(* Write y_i = sat_{s_i}(x_i).  For a level c, the potential
   F_c(t) = sum_i int^{x_i(t)} [sat_{s_i} xi > c] dxi is nonincreasing, since by symmetry of the
   weights its derivative sum_i [y_i > c] x_i' equals
   -1/2 sum_ij alpha_ij ([y_i > c] - [y_j > c]) (y_i - y_j) <= 0.  Taking c = max_i y_i(t) shows
   that max_i y_i, and by the odd symmetry of the system also -min_i y_i, are nonincreasing, hence
   convergent; every F_c converges as well.  If the two limits differed, the second differences
   of F_c in c, which are sums of tents in the y_i, would yield a level c strictly between them
   that the y_i eventually keep away from.  No y_i then crosses c, and along an edge (i, j) of the
   integral graph joining the two sides the quantity sum_{y_k > c} x_k decreases by at least
   2 rho int alpha_ij = oo, contradicting the boundedness of x.  Hence all y_i tend to a common c
   with |c| <= s_N, so x_i -> c for i < N, and x_N converges because sum_i x_i is conserved. *)

(** * Saturation, finite sums and maxima *)

Lemma Rabs_le_inv a b : Rabs a <= b -> - b <= a <= b.
Proof. unfold Rabs; destruct Rcase_abs; intros; lra. Qed.

Lemma sat_spec s x : 0 <= s ->
  (s < x /\ sat s x = s) \/ (x < -s /\ sat s x = -s) \/ (-s <= x <= s /\ sat s x = x).
Proof.
  intros Hs. unfold sat, sgn, Rmin.
  destruct (Rlt_dec 0 x) as [Hx|Hx].
  - rewrite Rabs_right by lra. destruct (Rle_dec x s); [right; right | left]; split; lra.
  - destruct (Rlt_dec x 0) as [Hx'|Hx'].
    + rewrite Rabs_left by lra.
      destruct (Rle_dec (- x) s); [right; right | right; left]; split; lra.
    + assert (x = 0) as -> by lra. rewrite Rabs_R0.
      destruct (Rle_dec 0 s); right; right; split; lra.
Qed.

Ltac sat_cases s x Hs :=
  destruct (sat_spec s x Hs) as [[? ->] | [[? ->] | [? ->]]].

Lemma sat_bounds s x : 0 <= s -> - s <= sat s x <= s.
Proof. intros Hs. sat_cases s x Hs; lra. Qed.

Lemma sat_lipschitz s x x' : 0 <= s -> Rabs (sat s x - sat s x') <= Rabs (x - x').
Proof.
  intros Hs. sat_cases s x Hs; sat_cases s x' Hs;
    unfold Rabs; repeat destruct Rcase_abs; lra.
Qed.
-- -- --
• _Activity_
Would you please give back all of the material above exactly as it stands?

• _Exercise response_
(* Write y_i = sat_{s_i}(x_i).  For a level c, the potential
   F_c(t) = sum_i int^{x_i(t)} [sat_{s_i} xi > c] dxi is nonincreasing, since by symmetry of the
   weights its derivative sum_i [y_i > c] x_i' equals
   -1/2 sum_ij alpha_ij ([y_i > c] - [y_j > c]) (y_i - y_j) <= 0.  Taking c = max_i y_i(t) shows
   that max_i y_i, and by the odd symmetry of the system also -min_i y_i, are nonincreasing, hence
   convergent; every F_c converges as well.  If the two limits differed, the second differences
   of F_c in c, which are sums of tents in the y_i, would yield a level c strictly between them
   that the y_i eventually keep away from.  No y_i then crosses c, and along an edge (i, j) of the
   integral graph joining the two sides the quantity sum_{y_k > c} x_k decreases by at least
   2 rho int alpha_ij = oo, contradicting the boundedness of x.  Hence all y_i tend to a common c
   with |c| <= s_N, so x_i -> c for i < N, and x_N converges because sum_i x_i is conserved. *)

(** * Saturation, finite sums and maxima *)

Lemma Rabs_le_inv a b : Rabs a <= b -> - b <= a <= b.
Proof. unfold Rabs; destruct Rcase_abs; intros; lra. Qed.

Lemma sat_spec s x : 0 <= s ->
  (s < x /\ sat s x = s) \/ (x < -s /\ sat s x = -s) \/ (-s <= x <= s /\ sat s x = x).
Proof.
  intros Hs. unfold sat, sgn, Rmin.
  destruct (Rlt_dec 0 x) as [Hx|Hx].
  - rewrite Rabs_right by lra. destruct (Rle_dec x s); [right; right | left]; split; lra.
  - destruct (Rlt_dec x 0) as [Hx'|Hx'].
    + rewrite Rabs_left by lra.
      destruct (Rle_dec (- x) s); [right; right | right; left]; split; lra.
    + assert (x = 0) as -> by lra. rewrite Rabs_R0.
      destruct (Rle_dec 0 s); right; right; split; lra.
Qed.

Ltac sat_cases s x Hs :=
  destruct (sat_spec s x Hs) as [[? ->] | [[? ->] | [? ->]]].

Lemma sat_bounds s x : 0 <= s -> - s <= sat s x <= s.
Proof. intros Hs. sat_cases s x Hs; lra. Qed.

Lemma sat_lipschitz s x x' : 0 <= s -> Rabs (sat s x - sat s x') <= Rabs (x - x').
Proof.
  intros Hs. sat_cases s x Hs; sat_cases s x' Hs;
    unfold Rabs; repeat destruct Rcase_abs; lra.
Qed.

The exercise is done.